Best practices sometimes aren’t

“It is better to know some of the questions than all of the answers.”
~ James Thurber (1894 – 1961)

When I wrote about the small-group shibboleth, I entered a larger area of education called “best practices.” In teaching, many options exist for presenting material. This leads to studies to find the most effective teaching techniques, techniques that then acquire the label “best practices.”

The problem with best practices is that they are too often taken out of context. Presenting material first in a long block in English and then in another block in Spanish, with limited moving back and forth between languages, is considered a bilingual education best practice. Giving instruction in English and then switching back and forth is called code switching, and the research sensibly suggests that many students will tune out the English and simply wait for the translation. That does not mean that material should always be presented in these long blocks, however. It depends on the class. Everything depends on the class.

If a bilingual class consists of students who speak almost no English, then the English block will need to be simpler and shorter. If the class is staring blankly at me, I may choose to code switch rather than leave my students lost while continuing my English lecture. I am the teacher. I can see the confusion. I usually can sense when to change languages for clarification purposes.

If a bilingual class consists mostly of students for whom English is their dominant language — surprisingly often true in Illinois anyway, given that placement is based on an English test and no one may be checking for Spanish understanding — then the English block will need to be much longer. Frankly, sometimes the Spanish block can be dropped entirely, although I prefer to teach dual-language classes as much as possible. But if I am cornered, with immediate tests and quizzes scheduled all around me, I may abbreviate that Spanish piece considerably for time reasons.
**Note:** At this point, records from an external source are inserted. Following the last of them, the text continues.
(* Let $n\ge1$ and let $T\in\mathcal{L}(\mathcal{H})$ be $n$-hypo-EP. If $T$ satisfies one of the following: (i) $TT^\dagger$ commutes with $T^n+T^\dagger$; (ii) $TT^\dagger$ commutes with $T^n+T^*$; (iii) $T$ commutes with $T^nT^\dagger$; then $T$ is $n$-EP.
   Context: $\mathcal{H}$ is a Hilbert space, $\mathcal{L}(\mathcal{H})$ the bounded operators on it; $R(\cdot)$ denotes range. For $T$ with closed range, $T^\dagger$ is its Moore–Penrose inverse (unique solution of $TT^\dagger T=T$, $T^\dagger TT^\dagger=T^\dagger$, $(T^\dagger T)^*=T^\dagger T$, $(TT^\dagger)^*=TT^\dagger$). $T$ is $n$-hypo-EP if it has closed range and $R(T^n)\subset R(T^* )$. $T$ is $n$-EP if it has closed range and $T^nT^\dagger=T^\dagger T^n$. *)

From HB Require Import structures.
From mathcomp Require Import all_boot all_order all_algebra.
From mathcomp Require Import all_classical all_reals all_analysis.
From mathcomp Require Import complex.
Set Implicit Arguments. Unset Strict Implicit. Unset Printing Implicit Defensive.
Import Order.TTheory GRing.Theory Num.Theory.
Import numFieldNormedType.Exports.
Local Open Scope ring_scope.
Local Open Scope classical_set_scope.

(* A complex Hilbert space: a complete normed space H over C = R[i] whose
   norm is induced by the inner product [inner] (linear in the first
   argument, conjugate symmetric, positive definite). *)
Definition is_inner_product (R : realType) (H : completeNormedModType R[i])
  (inner : H -> H -> R[i]) : Prop :=
  [/\ (forall (a : R[i]) (x y z : H), inner (a *: x + y) z = a * inner x z + inner y z),
      (forall x y : H, inner y x = (inner x y)^*),
      (forall x : H, 0 <= inner x x),
      (forall x : H, inner x x = 0 -> x = 0)
    & (forall x : H, `|x| ^+ 2 = inner x x)].

Definition bounded_op (R : realType) (H : completeNormedModType R[i]) (T : H -> H) : Prop :=
  (forall (a : R[i]) (x y : H), T (a *: x + y) = a *: T x + T y) /\ continuous T.

Definition is_adjoint (R : realType) (H : completeNormedModType R[i])
  (inner : H -> H -> R[i]) (T S : H -> H) : Prop :=
  forall x y : H, inner (T x) y = inner x (S y).

Definition closed_range (R : realType) (H : completeNormedModType R[i]) (T : H -> H) : Prop :=
  closed (range T).

Definition is_MP_inverse (R : realType) (H : completeNormedModType R[i])
  (inner : H -> H -> R[i]) (T S : H -> H) : Prop :=
  [/\ bounded_op S,
      T \o S \o T = T,
      S \o T \o S = S,
      is_adjoint inner (S \o T) (S \o T)
    & is_adjoint inner (T \o S) (T \o S)].

Definition opow (R : realType) (H : completeNormedModType R[i]) (n : nat) (T : H -> H) : H -> H :=
  iter n T.

Definition opadd (R : realType) (H : completeNormedModType R[i]) (A B : H -> H) : H -> H :=
  fun x => A x + B x.

Definition n_hypo_EP (R : realType) (H : completeNormedModType R[i])
  (inner : H -> H -> R[i]) (n : nat) (T : H -> H) : Prop :=
  closed_range T /\
  forall Ts, is_adjoint inner T Ts -> range (opow n T) `<=` range Ts.

Definition n_EP (R : realType) (H : completeNormedModType R[i])
  (inner : H -> H -> R[i]) (n : nat) (T : H -> H) : Prop :=
  closed_range T /\
  forall Td, is_MP_inverse inner T Td -> opow n T \o Td = Td \o opow n T.

From HB Require Import structures.
From mathcomp Require Import all_boot all_order all_algebra.
From mathcomp Require Import all_classical all_reals all_analysis.
From mathcomp Require Import complex.
Import numFieldNormedType.Exports.
Import GRing.Theory.
Set Implicit Arguments. Unset Strict Implicit. Unset Printing Implicit Defensive.
Local Open Scope ring_scope.

(* With P := T^dagger T and Q := T T^dagger the orthogonal projections onto
   R(T^* ) and R(T), n-hypo-EP says P T^n = T^n, and then T^n Q = T^n already
   forces T^n T^dagger = T^dagger T^n. Under (i) or (ii) evaluating the
   commutation relation at Q x shows that Q fixes T^dagger (resp. T^* ), and
   then at x it yields T^n Q = T^n. Under (iii), T^n T^dagger = P T^n T^dagger
   = T^dagger T^(n+1) T^dagger = T^dagger T^n P = T^dagger T^n, as n >= 1. *)

Lemma absorb_proj_of_commute_add (V : zmodType) (Q A S : V -> V) :
  {morph Q : x y / x + y} -> (forall x, Q (Q x) = Q x) ->
  (forall x, Q (A x) = A x) -> (forall x, S (Q x) = S x) ->
  Q \o (fun x => A x + S x) = (fun x => A x + S x) \o Q ->
  forall x, A (Q x) = A x.
Proof.
move=> Q_add QQ QA SQ hQ x.
have hQx y : Q (A y) + Q (S y) = A (Q y) + S (Q y).
  by rewrite -Q_add; exact: (congr1 (@^~ y) hQ).
have QS : Q (S x) = S x.
  by apply: (@addrI _ (A (Q x))); have := hQx (Q x); rewrite QA QQ !SQ.
by apply: (@addIr _ (S x)); have := hQx x; rewrite QA QS SQ.
Qed.

Lemma bounded_opD (R : realType) (H : completeNormedModType R[i]) (S : H -> H) :
  bounded_op S -> {morph S : x y / x + y}.
Proof. by case=> S_lin _ x y; have := S_lin 1 x y; rewrite !scale1r. Qed.

Lemma commute_pow_MP_of_pow_proj_range (R : realType) (H : completeNormedModType R[i])
  (T Td : H -> H) (n : nat) :
  (forall x, Td (T (opow n T x)) = opow n T x) ->
  (forall x, opow n T (T (Td x)) = opow n T x) ->
  opow n T \o Td = Td \o opow n T.
Proof.
move=> PTn TnQ; apply: funext => x /=.
have TnT y : opow n T (T y) = T (opow n T y) by rewrite /opow -iterSr.
by rewrite -[in RHS]TnQ TnT PTn.
Qed.

Section InnerProduct.
Variables (R : realType) (H : completeNormedModType R[i]).
Variables (inner : H -> H -> R[i]) (hH : is_inner_product inner).

Lemma inner_injl (a b : H) : inner a =1 inner b -> a = b.
Proof.
move=> eq_ab; have [lin _ _ def _] := hH.
apply/subr0_eq/def.
have -> : a - b = (-1) *: b + a by rewrite scaleN1r addrC.
by rewrite lin eq_ab mulN1r addNr.
Qed.

Lemma inner_injr (a b : H) : inner^~ a =1 inner^~ b -> a = b.
Proof.
move=> eq_ab; apply: inner_injl => v; have [_ cs _ _ _] := hH.
by rewrite (cs v a) (cs v b) eq_ab.
Qed.

Lemma MP_inverse_unique (T X Y : H -> H) :
  is_MP_inverse inner T X -> is_MP_inverse inner T Y -> X = Y.
Proof.
move=> [_ hX1 hX2 hX3 hX4] [_ hY1 hY2 hY3 hY4].
have TXT u : T (X (T u)) = T u by exact: (congr1 (@^~ u) hX1).
have XTX u : X (T (X u)) = X u by exact: (congr1 (@^~ u) hX2).
have TYT u : T (Y (T u)) = T u by exact: (congr1 (@^~ u) hY1).
have TX_TY u : T (X u) = T (Y u).
  apply: inner_injl => v; rewrite -[T (X u)]TYT.
  by rewrite [LHS](hY4 (T (X u)) v) /= (hX4 u (T (Y v))) /= TXT (hY4 u v).
have XT_YT u : X (T u) = Y (T u).
  apply: inner_injl => v; rewrite -[in LHS]TYT.
  by rewrite [LHS](hX3 (Y (T u)) v) /= (hY3 u (X (T v))) /= TXT (hY3 u v).
apply: funext => u; have YTY : Y (T (Y u)) = Y u by exact: (congr1 (@^~ u) hY2).
by rewrite -XTX TX_TY XT_YT YTY.
Qed.

Section MoorePenrose.
Variables (T Td : H -> H) (hT : bounded_op T) (hTd : is_MP_inverse inner T Td).

Let TTdT x : T (Td (T x)) = T x.
Proof. by case: hTd => _ e _ _ _; exact: (congr1 (@^~ x) e). Qed.

Let Td_add : {morph Td : x y / x + y}.
Proof. by case: hTd => Td_bounded _ _ _ _; exact: bounded_opD. Qed.

Lemma adjoint_proj_range (Ts : H -> H) : is_adjoint inner T Ts ->
  forall y, Ts (T (Td y)) = Ts y.
Proof.
move=> hTs y; apply: inner_injr => x.
by rewrite -!hTs; case: hTd => _ _ _ _ sym; rewrite -[LHS](sym (T x) y) /= TTdT.
Qed.

Lemma proj_coimage_adjoint (Ts : H -> H) : is_adjoint inner T Ts ->
  forall y, Td (T (Ts y)) = Ts y.
Proof.
move=> hTs y; apply: inner_injr => x.
by case: hTd => _ _ _ sym _; rewrite -[LHS](sym x (Ts y)) /= -!hTs TTdT.
Qed.

Lemma hypo_EP_proj_coimage_pow (n : nat) (Ts : H -> H) :
  is_adjoint inner T Ts -> n_hypo_EP inner n T ->
  forall x, Td (T (opow n T x)) = opow n T x.
Proof.
move=> hTs [_ sub] x; have [y _ <-] : range Ts (opow n T x).
  by apply: sub hTs _ _; exists x.
exact: proj_coimage_adjoint.
Qed.

Lemma proj_range_pow (n : nat) x : T (Td (opow n.+1 T x)) = opow n.+1 T x.
Proof. by rewrite /opow iterS TTdT. Qed.

Lemma pow_proj_coimage (n : nat) x : opow n.+1 T (Td (T x)) = opow n.+1 T x.
Proof. by rewrite /opow !iterSr TTdT. Qed.

Lemma pow_proj_range_of_commute_add (n : nat) (S : H -> H) :
  (forall x, S (T (Td x)) = S x) ->
  (T \o Td) \o opadd (opow n.+1 T) S = opadd (opow n.+1 T) S \o (T \o Td) ->
  forall x, opow n.+1 T (T (Td x)) = opow n.+1 T x.
Proof.
apply: (@absorb_proj_of_commute_add _ (T \o Td)) => x /=.
- by move=> y; rewrite Td_add (bounded_opD hT).
- by rewrite TTdT.
- exact: proj_range_pow.
Qed.

Lemma commute_pow_MP_of_commute_T (n : nat) :
  (forall x, Td (T (opow n.+1 T x)) = opow n.+1 T x) ->
  T \o (opow n.+1 T \o Td) = (opow n.+1 T \o Td) \o T ->
  opow n.+1 T \o Td = Td \o opow n.+1 T.
Proof.
move=> PTn hC; apply: funext => x /=.
have TTnTd : T (opow n.+1 T (Td x)) = opow n.+1 T (Td (T x)).
  exact: (congr1 (@^~ x) hC).
by rewrite -[LHS]PTn TTnTd pow_proj_coimage.
Qed.

End MoorePenrose.
End InnerProduct.

Theorem mainTheorem16 (R : realType) (H : completeNormedModType R[i])
  (inner : H -> H -> R[i]) (hH : is_inner_product inner)
  (n : nat) (hn : (1 <= n)%N) (T Ts Td : H -> H)
  (hT : bounded_op T) (hTs : is_adjoint inner T Ts) (hTd : is_MP_inverse inner T Td)
  (hEP : n_hypo_EP inner n T) :
  ((T \o Td) \o opadd (opow n T) Td = opadd (opow n T) Td \o (T \o Td)
   \/ (T \o Td) \o opadd (opow n T) Ts = opadd (opow n T) Ts \o (T \o Td)
   \/ T \o (opow n T \o Td) = (opow n T \o Td) \o T) ->
  n_EP inner n T.
Proof.
move=> hyp; split; first by case: hEP.
move=> Td' /(MP_inverse_unique hH hTd) <-.
have PTn := hypo_EP_proj_coimage_pow hH hTd hTs hEP.
have [_ _ TdTTd _ _] := hTd.
case: n hn PTn {hEP} hyp => // n _ PTn [hC|[hC|hC]].
- apply: (commute_pow_MP_of_pow_proj_range PTn).
  apply: (pow_proj_range_of_commute_add hT hTd _ hC) => x.
  exact: (congr1 (@^~ x) TdTTd).
- apply: (commute_pow_MP_of_pow_proj_range PTn).
  exact: (pow_proj_range_of_commute_add hT hTd (adjoint_proj_range hH hTd hTs) hC).
- exact: (commute_pow_MP_of_commute_T hTd PTn hC).
Qed.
I have to know my class to know how to proceed. What I will choose to do will not always look like best practices. I will select the strategy that gets me the best results.

Eduhonesty:  I may get in trouble for my choices, though. Administrators may ding me for not using alleged best practices, even administrators with limited teaching experience and limited understanding of those best practices. Too many people have read the synopsis of the study’s results, and not the study itself.

Too many people are failing to ask critical thinking questions such as the following: If the teacher in the study was instructing 22 economically-advantaged students with a full-time teaching assistant when she conducted her action research, will the same results apply to a teacher in an impoverished, urban neighborhood with high absenteeism, no aide and an average of 32 students per class? If not, what accommodations will be necessary to make the new strategy work? Can this strategy actually work without that smaller class size and full-time aide? Would another strategy be better, given the constraints posed by class size, lack of resources and chronic absenteeism?

One size never fits all. Some fashions fit almost no one, such as those long, tight, slinky sun dresses with the horizontal stripes. If those dresses look good on anyone except models, I’ve yet to meet that person. And any study that takes place in a room with under twenty-five students and a full-time aide may only work in small classes with aides — a vanishingly small percentage of regular classrooms in many districts.

I’ll throw down the gauntlet: I think small-group work, while sometimes valuable, has become seriously overrated. All small groups all the time seems pretty close to malpractice to me, not because groups don’t work. They do sometimes. I have a few outfits with horizontal stripes that fit me fine. But the evidence for the benefits of large-scale, unrelenting use of small groups remains tenuous at best. Where is that evidence? I’ve looked for it. I haven’t found it yet. Fashion should not make us make stupid choices.